■ Saved entries ■
BEGIN

Lemma sorted_words_conc n (L1 L2 : lang bool) :
  lang_eq (sorted_words n) (conc L1 L2) ->
  lang_eq (sorted_words n) L1 \/ lang_eq (sorted_words n) L2.
Proof.
move=> E.
have size_cat_mem u v : L1 u -> L2 v -> size u + size v = n.
  move=> Hu Hv; rewrite -size_cat.
  by have /E [] : conc L1 L2 (u ++ v) by exists u, v.
have [u0 [v0 [e0 _ Hv0]]] := (E _).1 (sorted_words_nseq n false).
have [u1 [v1 [e1 Hu1 Hv1]]] := (E _).1 (sorted_words_nseq n true).
have [_ sorted10] : sorted_words n (u1 ++ v0) by apply/E; exists u1, v0.
have all_true : all (pred1 true) u1.
  by have := all_pred1_nseq true n; rewrite e1 all_cat => /andP [].
have all_false : all (pred1 false) v0.
  by have := all_pred1_nseq false n; rewrite e0 all_cat => /andP [].
case: (sorted_cat_true_false all_true all_false sorted10) => [u1_nil | v0_nil].
- right; have L1_eps : lang_eq L1 (@eps_lang bool).
    move=> u; split=> [Hu | ->]; last by rewrite -u1_nil.
    apply/size0nil; have := size_cat_mem _ _ Hu Hv1.
    by have := size_cat_mem _ _ Hu1 Hv1; rewrite u1_nil => <- /eqP; rewrite eqn_add2r => /eqP.
  by move=> w; apply: iff_trans (E w) _; exact: conc_eps_l.
- left; have L2_eps : lang_eq L2 (@eps_lang bool).
    move=> v; split=> [Hv | ->]; last by rewrite -v0_nil.
    apply/size0nil; have := size_cat_mem _ _ Hu1 Hv.
    by have := size_cat_mem _ _ Hu1 Hv0; rewrite v0_nil => <- /eqP; rewrite eqn_add2l => /eqP.
  by move=> w; apply: iff_trans (E w) _; exact: conc_eps_r.
Qed.

Lemma subst_word_sorted_words (D : finType) (phi : D -> lang bool) n w :
  0 < n -> lang_eq (sorted_words n) (subst_word phi w) ->
  exists d, lang_eq (sorted_words n) (phi d).
Proof.
move=> n_gt0; elim: w => [|d w IH] /= E.
  have := (E _).1 (sorted_words_nseq n false).
  by case: n n_gt0 {E}.
by case: (sorted_words_conc E) => [|/IH]; [exists d|].
Qed.

Lemma injective_lang_family_not_covered (D A : finType) (phi : D -> lang A) (P : nat -> lang A) :
  (forall m n, lang_eq (P m) (P n) -> m = n) ->
  ~ (forall n, exists d, lang_eq (P n) (phi d)).
Proof.
move=> P_inj covered.
pose f n := proj1_sig (constructive_indefinite_description _ (covered n)).
have Pf n : lang_eq (P n) (phi (f n)).
  exact: proj2_sig (constructive_indefinite_description _ (covered n)).
have f_inj : injective (fun i : 'I_#|D|.+1 => f i).
  move=> i j /= fij; apply/val_inj/P_inj => w.
  by apply: iff_trans (Pf i w) _; rewrite fij; apply: iff_sym; apply: Pf.
by have := leq_card _ f_inj; rewrite card_ord ltnn.
Qed.

Lemma rational_set_regular (A : finType) (calR : langset A) L :
  rational_set calR -> calR L -> regular L.
Proof.
move=> [D [K [phi [_ _ Hphi HR]]]] /HR [w _ E].
by apply: regular_ext (regular_subst_word w Hphi) _ => u; apply: iff_sym.
Qed.

Lemma gen_letters (D A : finType) (phi : D -> lang A) L :
  gen (@letters D) phi L <-> exists d, lang_eq L (phi d).
Proof.
split=> [[[|d [|]] //= _ E] | [d E]].
  by exists d => w; apply: iff_trans (E w) _; exact: subst_word_seq1.
by exists [:: d] => // w; apply: iff_trans (E w) _; apply: iff_sym; exact: subst_word_seq1.
Qed.

Lemma rational_set_finite (A : finType) n (f : 'I_n -> lang A) :
  (forall i, regular (f i)) -> rational_set (fun L => exists i, lang_eq L (f i)).
Proof.
case: n f => [|n] f f_reg.
  exists unit, (fun _ => False), (fun _ => @letters A); split=> //.
  - by rewrite card_unit.
  - by split=> //; exists unit, tt, (fun _ _ => tt), pred0.
  - by move=> d; exact: regular_letters.
  - by move=> L; split=> [[[]] | []].
exists 'I_n.+1, (@letters _), f; split=> //.
- by rewrite card_ord.
- by split; [exact: regular_letters | case].
- by move=> L; rewrite gen_letters.
Qed.

Lemma minus_set_finite (A : finType) (calR : langset A) R n (f : 'I_n -> lang A) :
  (forall L, calR L <-> exists i, lang_eq L (f i)) ->
  forall L, minus_set calR R L <-> exists i, lang_eq L (fun w => f i w /\ ~ R w).
Proof.
move=> Hf L; split.
  case=> L' /Hf [i Ei] EL; exists i => w; apply: iff_trans (EL w) _.
  by split=> -[/Ei Hw HR].
by case=> i Ei; exists (f i) => //; apply/Hf; exists i.
Qed.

END

■ WHAT THIS TASK INVOLVES ■
Would you return every line of the data above exactly?

■ SOLUTION FOR THIS EXERCISE ■
Lemma sorted_words_conc n (L1 L2 : lang bool) :
  lang_eq (sorted_words n) (conc L1 L2) ->
  lang_eq (sorted_words n) L1 \/ lang_eq (sorted_words n) L2.
Proof.
move=> E.
have size_cat_mem u v : L1 u -> L2 v -> size u + size v = n.
  move=> Hu Hv; rewrite -size_cat.
  by have /E [] : conc L1 L2 (u ++ v) by exists u, v.
have [u0 [v0 [e0 _ Hv0]]] := (E _).1 (sorted_words_nseq n false).
have [u1 [v1 [e1 Hu1 Hv1]]] := (E _).1 (sorted_words_nseq n true).
have [_ sorted10] : sorted_words n (u1 ++ v0) by apply/E; exists u1, v0.
have all_true : all (pred1 true) u1.
  by have := all_pred1_nseq true n; rewrite e1 all_cat => /andP [].
have all_false : all (pred1 false) v0.
  by have := all_pred1_nseq false n; rewrite e0 all_cat => /andP [].
case: (sorted_cat_true_false all_true all_false sorted10) => [u1_nil | v0_nil].
- right; have L1_eps : lang_eq L1 (@eps_lang bool).
    move=> u; split=> [Hu | ->]; last by rewrite -u1_nil.
    apply/size0nil; have := size_cat_mem _ _ Hu Hv1.
    by have := size_cat_mem _ _ Hu1 Hv1; rewrite u1_nil => <- /eqP; rewrite eqn_add2r => /eqP.
  by move=> w; apply: iff_trans (E w) _; exact: conc_eps_l.
- left; have L2_eps : lang_eq L2 (@eps_lang bool).
    move=> v; split=> [Hv | ->]; last by rewrite -v0_nil.
    apply/size0nil; have := size_cat_mem _ _ Hu1 Hv.
    by have := size_cat_mem _ _ Hu1 Hv0; rewrite v0_nil => <- /eqP; rewrite eqn_add2l => /eqP.
  by move=> w; apply: iff_trans (E w) _; exact: conc_eps_r.
Qed.

Lemma subst_word_sorted_words (D : finType) (phi : D -> lang bool) n w :
  0 < n -> lang_eq (sorted_words n) (subst_word phi w) ->
  exists d, lang_eq (sorted_words n) (phi d).
Proof.
move=> n_gt0; elim: w => [|d w IH] /= E.
  have := (E _).1 (sorted_words_nseq n false).
  by case: n n_gt0 {E}.
by case: (sorted_words_conc E) => [|/IH]; [exists d|].
Qed.

Lemma injective_lang_family_not_covered (D A : finType) (phi : D -> lang A) (P : nat -> lang A) :
  (forall m n, lang_eq (P m) (P n) -> m = n) ->
  ~ (forall n, exists d, lang_eq (P n) (phi d)).
Proof.
move=> P_inj covered.
pose f n := proj1_sig (constructive_indefinite_description _ (covered n)).
have Pf n : lang_eq (P n) (phi (f n)).
  exact: proj2_sig (constructive_indefinite_description _ (covered n)).
have f_inj : injective (fun i : 'I_#|D|.+1 => f i).
  move=> i j /= fij; apply/val_inj/P_inj => w.
  by apply: iff_trans (Pf i w) _; rewrite fij; apply: iff_sym; apply: Pf.
by have := leq_card _ f_inj; rewrite card_ord ltnn.
Qed.

Lemma rational_set_regular (A : finType) (calR : langset A) L :
  rational_set calR -> calR L -> regular L.
Proof.
move=> [D [K [phi [_ _ Hphi HR]]]] /HR [w _ E].
by apply: regular_ext (regular_subst_word w Hphi) _ => u; apply: iff_sym.
Qed.

Lemma gen_letters (D A : finType) (phi : D -> lang A) L :
  gen (@letters D) phi L <-> exists d, lang_eq L (phi d).
Proof.
split=> [[[|d [|]] //= _ E] | [d E]].
  by exists d => w; apply: iff_trans (E w) _; exact: subst_word_seq1.
by exists [:: d] => // w; apply: iff_trans (E w) _; apply: iff_sym; exact: subst_word_seq1.
Qed.

Lemma rational_set_finite (A : finType) n (f : 'I_n -> lang A) :
  (forall i, regular (f i)) -> rational_set (fun L => exists i, lang_eq L (f i)).
Proof.
case: n f => [|n] f f_reg.
  exists unit, (fun _ => False), (fun _ => @letters A); split=> //.
  - by rewrite card_unit.
  - by split=> //; exists unit, tt, (fun _ _ => tt), pred0.
  - by move=> d; exact: regular_letters.
  - by move=> L; split=> [[[]] | []].
exists 'I_n.+1, (@letters _), f; split=> //.
- by rewrite card_ord.
- by split; [exact: regular_letters | case].
- by move=> L; rewrite gen_letters.
Qed.

Lemma minus_set_finite (A : finType) (calR : langset A) R n (f : 'I_n -> lang A) :
  (forall L, calR L <-> exists i, lang_eq L (f i)) ->
  forall L, minus_set calR R L <-> exists i, lang_eq L (fun w => f i w /\ ~ R w).
Proof.
move=> Hf L; split.
  case=> L' /Hf [i Ei] EL; exists i => w; apply: iff_trans (EL w) _.
  by split=> -[/Ei Hw HR].
by case=> i Ei; exists (f i) => //; apply/Hf; exists i.
Qed.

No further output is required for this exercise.